> _HOW TO COMPLETE THIS TASK_:
Transcribe all records exactly.

Saved data entries:
Lemma Rle_0_of_forall_le_mult (x K : R) : (forall eta, 0 < eta -> x <= K * eta) -> x <= 0.
Proof.
intros H; destruct (Rle_or_lt x 0) as [Hx|Hx]; [exact Hx|exfalso].
set (eta := x / (2 * (Rabs K + 1))).
assert (Hpos : 0 < Rabs K + 1) by (pose proof (Rabs_pos K); lra).
assert (Heta : 0 < eta) by (apply Rdiv_lt_0_compat; lra).
assert (Hx2 : (Rabs K + 1) * eta = x / 2) by (unfold eta; field; lra).
assert (K * eta <= Rabs K * eta) by (apply Rmult_le_compat_r; [lra|apply Rle_abs]).
specialize (H eta Heta); nra.
Qed.

Lemma polynomial_condition_lead_real g m s n c z0 :
  homogeneous_deg g m -> 1 < m -> (1 <= s)%nat -> (s <= n)%nat ->
  polynomial_condition g (oddpoly s n c) -> Cmod z0 = 1 ->
  Im (homp (2 * s - 1) (c s) z0 (Cconj z0)) = 0.
Proof.
intros Hhom Hm Hs Hsn Hpc Hz0.
destruct (oddpoly_ray_sign g m s n c z0 Hhom Hs Hsn Hpc Hz0) as [delta [Hdelta Hsign]].
set (w := g z0) in *; set (M := Cmod w); assert (HM : 0 <= M) by apply Cmod_ge_0.
destruct (oddpoly_ray_near_lead s (n - s) c z0 (Cconj z0) M HM) as [K [HK Hnear]].
set (G := oddpoly_ray s (n - s) c) in *.
set (P0 := homp (2 * s - 1) (c s) z0 (Cconj z0)) in *.
assert (Hbound : forall eta, 0 < eta -> Rabs (Im P0) <= K * (1 + M) * eta).
{ intros eta Heta.
  destruct (exists_small_ray_parameter m delta eta Hm Hdelta Heta)
    as [t [Ht [Ht1 [Hteta [Heps Heps1]]]]].
  set (eps := Rpower t (m - 1)) in *.
  assert (Hclose : forall h, Cmod h = eps * M ->
            - (K * (1 + M) * eta) <= Im (G t z0 (Cconj z0 + h)%C) - Im P0 <= K * (1 + M) * eta).
  { intros h Hh; apply Rabs_le_between; rewrite <- Im_minus.
    eapply Rle_trans; [apply Rabs_Im_le_Cmod|].
    eapply Rle_trans; [apply Hnear; [lra|rewrite Hh; nra]|].
    assert (t ^ 2 <= eta) by (simpl; nra).
    rewrite Rmult_assoc; apply Rmult_le_compat_l; nra. }
  destruct (Hsign t Ht) as [Hplus Hminus]; fold eps in Hplus, Hminus; unfold Cminus in Hminus.
  assert (Hw : Cmod (eps * w)%C = eps * M)
    by (rewrite Cmod_mult, Cmod_R, Rabs_right; [reflexivity|apply Rle_ge, Rlt_le, exp_pos]).
  pose proof (Hclose _ Hw); pose proof (Hclose (- (eps * w))%C ltac:(rewrite Cmod_opp; exact Hw)).
  apply Rabs_le; lra. }
apply (Rle_0_of_forall_le_mult _ _) in Hbound; apply Rabs_le_between in Hbound; lra.
Qed.
(* Let $M\subset\mathbb{R}^m$ be a polyhedral complex and $f:|M|\to\mathbb{R}^n$ a piecewise-linear map which is affine on each cell of $M$. Let $N$ be a polyhedral complex embedded in $\mathbb{R}^n$. Suppose $f$ is transverse on cells of $M$ to the interior of every cell of $N$. If $C\le C'$ is a face relation in $M$, $D\le D'$ is a face relation in $N$, and $f(C^\circ)\cap D$ is nonempty, then $f(C'^\circ)\cap D'^\circ$ is nonempty.
   Context: Polyhedra are intersections of finitely many closed half-spaces (possibly unbounded); $P^\circ$ denotes the interior of $P$ relative to its affine span (a point is its own interior). $C\le C'$ means $C$ is a face of $C'$ or equal to it. A polyhedral complex is a finite set of polyhedra closed under taking faces such that any two members intersect in a common face; $|M|$ is the union of its cells. A map $f$ affine on each cell of $M$ is transverse on cells of $M$ to a smooth submanifold $Z$ (without boundary) if for every cell $C$ of $M$, the restriction $f|_{C^\circ}$ is transverse to $Z$, i.e. for every $x\in C^\circ$ with $f(x)\in Z$, $df(T_xC^\circ)+T_{f(x)}Z=\mathbb{R}^n$. *)

From mathcomp Require Import all_boot all_order all_algebra.
From mathcomp Require Import boolp classical_sets cardinality reals.
Set Implicit Arguments. Unset Strict Implicit. Unset Printing Implicit Defensive.
Import Order.TTheory GRing.Theory Num.Theory.
Local Open Scope ring_scope.
Local Open Scope classical_set_scope.

Section Polyhedra.
Variable R : realType.

Definition dotv k (a x : 'rV[R]_k) : R := \sum_(i < k) a 0 i * x 0 i.

Definition halfspace k (a : 'rV[R]_k) (b : R) : set 'rV[R]_k :=
  [set x | dotv a x <= b].

Definition polyhedron k (P : set 'rV[R]_k) : Prop :=
  exists s : seq ('rV[R]_k * R),
    P = [set x | forall h, h \in s -> dotv h.1 x <= h.2].

(* F is a face of P or equal to P (F <= P): F is the intersection of P with
   a supporting hyperplane {a.x = b} where a.x <= b on P.  a = 0, b = 0
   gives P itself; a = 0, b = 1 gives the empty face. *)
Definition face k (F P : set 'rV[R]_k) : Prop :=
  exists (a : 'rV[R]_k) (b : R),
    (forall x, P x -> dotv a x <= b) /\ F = P `&` [set x | dotv a x = b].

Definition dir k (P : set 'rV[R]_k) : set 'rV[R]_k :=
  [set v | exists s : seq (R * 'rV[R]_k * 'rV[R]_k),
     (forall t, t \in s -> P t.1.2 /\ P t.2) /\
     v = \sum_(t <- s) t.1.1 *: (t.1.2 - t.2)].

Definition aff k (P : set 'rV[R]_k) : set 'rV[R]_k :=
  [set y | exists x v, P x /\ dir P v /\ y = x + v].

Definition sqdist k (x y : 'rV[R]_k) : R := \sum_(i < k) (x 0 i - y 0 i) ^+ 2.

Definition relint k (P : set 'rV[R]_k) : set 'rV[R]_k :=
  [set x | P x /\ exists e : R, 0 < e /\
     forall y, aff P y -> sqdist y x < e -> P y].

Definition polyhedral_complex k (M : set (set 'rV[R]_k)) : Prop :=
  finite_set M /\
  (forall C, M C -> polyhedron C) /\
  (forall C F, M C -> face F C -> F !=set0 -> M F) /\
  (forall C C', M C -> M C' -> face (C `&` C') C /\ face (C `&` C') C').

Definition support k (M : set (set 'rV[R]_k)) : set 'rV[R]_k :=
  \bigcup_(C in M) C.

Definition affine_on_cells m n (M : set (set 'rV[R]_m))
    (f : 'rV[R]_m -> 'rV[R]_n) : Prop :=
  forall C, M C -> exists (A : 'M[R]_(m, n)) (b : 'rV[R]_n),
    forall x, C x -> f x = x *m A + b.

> _EXERCISE ANSWER_:
Lemma Rle_0_of_forall_le_mult (x K : R) : (forall eta, 0 < eta -> x <= K * eta) -> x <= 0.
Proof.
intros H; destruct (Rle_or_lt x 0) as [Hx|Hx]; [exact Hx|exfalso].
set (eta := x / (2 * (Rabs K + 1))).
assert (Hpos : 0 < Rabs K + 1) by (pose proof (Rabs_pos K); lra).
assert (Heta : 0 < eta) by (apply Rdiv_lt_0_compat; lra).
assert (Hx2 : (Rabs K + 1) * eta = x / 2) by (unfold eta; field; lra).
assert (K * eta <= Rabs K * eta) by (apply Rmult_le_compat_r; [lra|apply Rle_abs]).
specialize (H eta Heta); nra.
Qed.

Lemma polynomial_condition_lead_real g m s n c z0 :
  homogeneous_deg g m -> 1 < m -> (1 <= s)%nat -> (s <= n)%nat ->
  polynomial_condition g (oddpoly s n c) -> Cmod z0 = 1 ->
  Im (homp (2 * s - 1) (c s) z0 (Cconj z0)) = 0.
Proof.
intros Hhom Hm Hs Hsn Hpc Hz0.
destruct (oddpoly_ray_sign g m s n c z0 Hhom Hs Hsn Hpc Hz0) as [delta [Hdelta Hsign]].
set (w := g z0) in *; set (M := Cmod w); assert (HM : 0 <= M) by apply Cmod_ge_0.
destruct (oddpoly_ray_near_lead s (n - s) c z0 (Cconj z0) M HM) as [K [HK Hnear]].
set (G := oddpoly_ray s (n - s) c) in *.
set (P0 := homp (2 * s - 1) (c s) z0 (Cconj z0)) in *.
assert (Hbound : forall eta, 0 < eta -> Rabs (Im P0) <= K * (1 + M) * eta).
{ intros eta Heta.
  destruct (exists_small_ray_parameter m delta eta Hm Hdelta Heta)
    as [t [Ht [Ht1 [Hteta [Heps Heps1]]]]].
  set (eps := Rpower t (m - 1)) in *.
  assert (Hclose : forall h, Cmod h = eps * M ->
            - (K * (1 + M) * eta) <= Im (G t z0 (Cconj z0 + h)%C) - Im P0 <= K * (1 + M) * eta).
  { intros h Hh; apply Rabs_le_between; rewrite <- Im_minus.
    eapply Rle_trans; [apply Rabs_Im_le_Cmod|].
    eapply Rle_trans; [apply Hnear; [lra|rewrite Hh; nra]|].
    assert (t ^ 2 <= eta) by (simpl; nra).
    rewrite Rmult_assoc; apply Rmult_le_compat_l; nra. }
  destruct (Hsign t Ht) as [Hplus Hminus]; fold eps in Hplus, Hminus; unfold Cminus in Hminus.
  assert (Hw : Cmod (eps * w)%C = eps * M)
    by (rewrite Cmod_mult, Cmod_R, Rabs_right; [reflexivity|apply Rle_ge, Rlt_le, exp_pos]).
  pose proof (Hclose _ Hw); pose proof (Hclose (- (eps * w))%C ltac:(rewrite Cmod_opp; exact Hw)).
  apply Rabs_le; lra. }
apply (Rle_0_of_forall_le_mult _ _) in Hbound; apply Rabs_le_between in Hbound; lra.
Qed.
(* Let $M\subset\mathbb{R}^m$ be a polyhedral complex and $f:|M|\to\mathbb{R}^n$ a piecewise-linear map which is affine on each cell of $M$. Let $N$ be a polyhedral complex embedded in $\mathbb{R}^n$. Suppose $f$ is transverse on cells of $M$ to the interior of every cell of $N$. If $C\le C'$ is a face relation in $M$, $D\le D'$ is a face relation in $N$, and $f(C^\circ)\cap D$ is nonempty, then $f(C'^\circ)\cap D'^\circ$ is nonempty.
   Context: Polyhedra are intersections of finitely many closed half-spaces (possibly unbounded); $P^\circ$ denotes the interior of $P$ relative to its affine span (a point is its own interior). $C\le C'$ means $C$ is a face of $C'$ or equal to it. A polyhedral complex is a finite set of polyhedra closed under taking faces such that any two members intersect in a common face; $|M|$ is the union of its cells. A map $f$ affine on each cell of $M$ is transverse on cells of $M$ to a smooth submanifold $Z$ (without boundary) if for every cell $C$ of $M$, the restriction $f|_{C^\circ}$ is transverse to $Z$, i.e. for every $x\in C^\circ$ with $f(x)\in Z$, $df(T_xC^\circ)+T_{f(x)}Z=\mathbb{R}^n$. *)

From mathcomp Require Import all_boot all_order all_algebra.
From mathcomp Require Import boolp classical_sets cardinality reals.
Set Implicit Arguments. Unset Strict Implicit. Unset Printing Implicit Defensive.
Import Order.TTheory GRing.Theory Num.Theory.
Local Open Scope ring_scope.
Local Open Scope classical_set_scope.

Section Polyhedra.
Variable R : realType.

Definition dotv k (a x : 'rV[R]_k) : R := \sum_(i < k) a 0 i * x 0 i.

Definition halfspace k (a : 'rV[R]_k) (b : R) : set 'rV[R]_k :=
  [set x | dotv a x <= b].

Definition polyhedron k (P : set 'rV[R]_k) : Prop :=
  exists s : seq ('rV[R]_k * R),
    P = [set x | forall h, h \in s -> dotv h.1 x <= h.2].

(* F is a face of P or equal to P (F <= P): F is the intersection of P with
   a supporting hyperplane {a.x = b} where a.x <= b on P.  a = 0, b = 0
   gives P itself; a = 0, b = 1 gives the empty face. *)
Definition face k (F P : set 'rV[R]_k) : Prop :=
  exists (a : 'rV[R]_k) (b : R),
    (forall x, P x -> dotv a x <= b) /\ F = P `&` [set x | dotv a x = b].

Definition dir k (P : set 'rV[R]_k) : set 'rV[R]_k :=
  [set v | exists s : seq (R * 'rV[R]_k * 'rV[R]_k),
     (forall t, t \in s -> P t.1.2 /\ P t.2) /\
     v = \sum_(t <- s) t.1.1 *: (t.1.2 - t.2)].

Definition aff k (P : set 'rV[R]_k) : set 'rV[R]_k :=
  [set y | exists x v, P x /\ dir P v /\ y = x + v].

Definition sqdist k (x y : 'rV[R]_k) : R := \sum_(i < k) (x 0 i - y 0 i) ^+ 2.

Definition relint k (P : set 'rV[R]_k) : set 'rV[R]_k :=
  [set x | P x /\ exists e : R, 0 < e /\
     forall y, aff P y -> sqdist y x < e -> P y].

Definition polyhedral_complex k (M : set (set 'rV[R]_k)) : Prop :=
  finite_set M /\
  (forall C, M C -> polyhedron C) /\
  (forall C F, M C -> face F C -> F !=set0 -> M F) /\
  (forall C C', M C -> M C' -> face (C `&` C') C /\ face (C `&` C') C').

Definition support k (M : set (set 'rV[R]_k)) : set 'rV[R]_k :=
  \bigcup_(C in M) C.

Definition affine_on_cells m n (M : set (set 'rV[R]_m))
    (f : 'rV[R]_m -> 'rV[R]_n) : Prop :=
  forall C, M C -> exists (A : 'M[R]_(m, n)) (b : 'rV[R]_n),
    forall x, C x -> f x = x *m A + b.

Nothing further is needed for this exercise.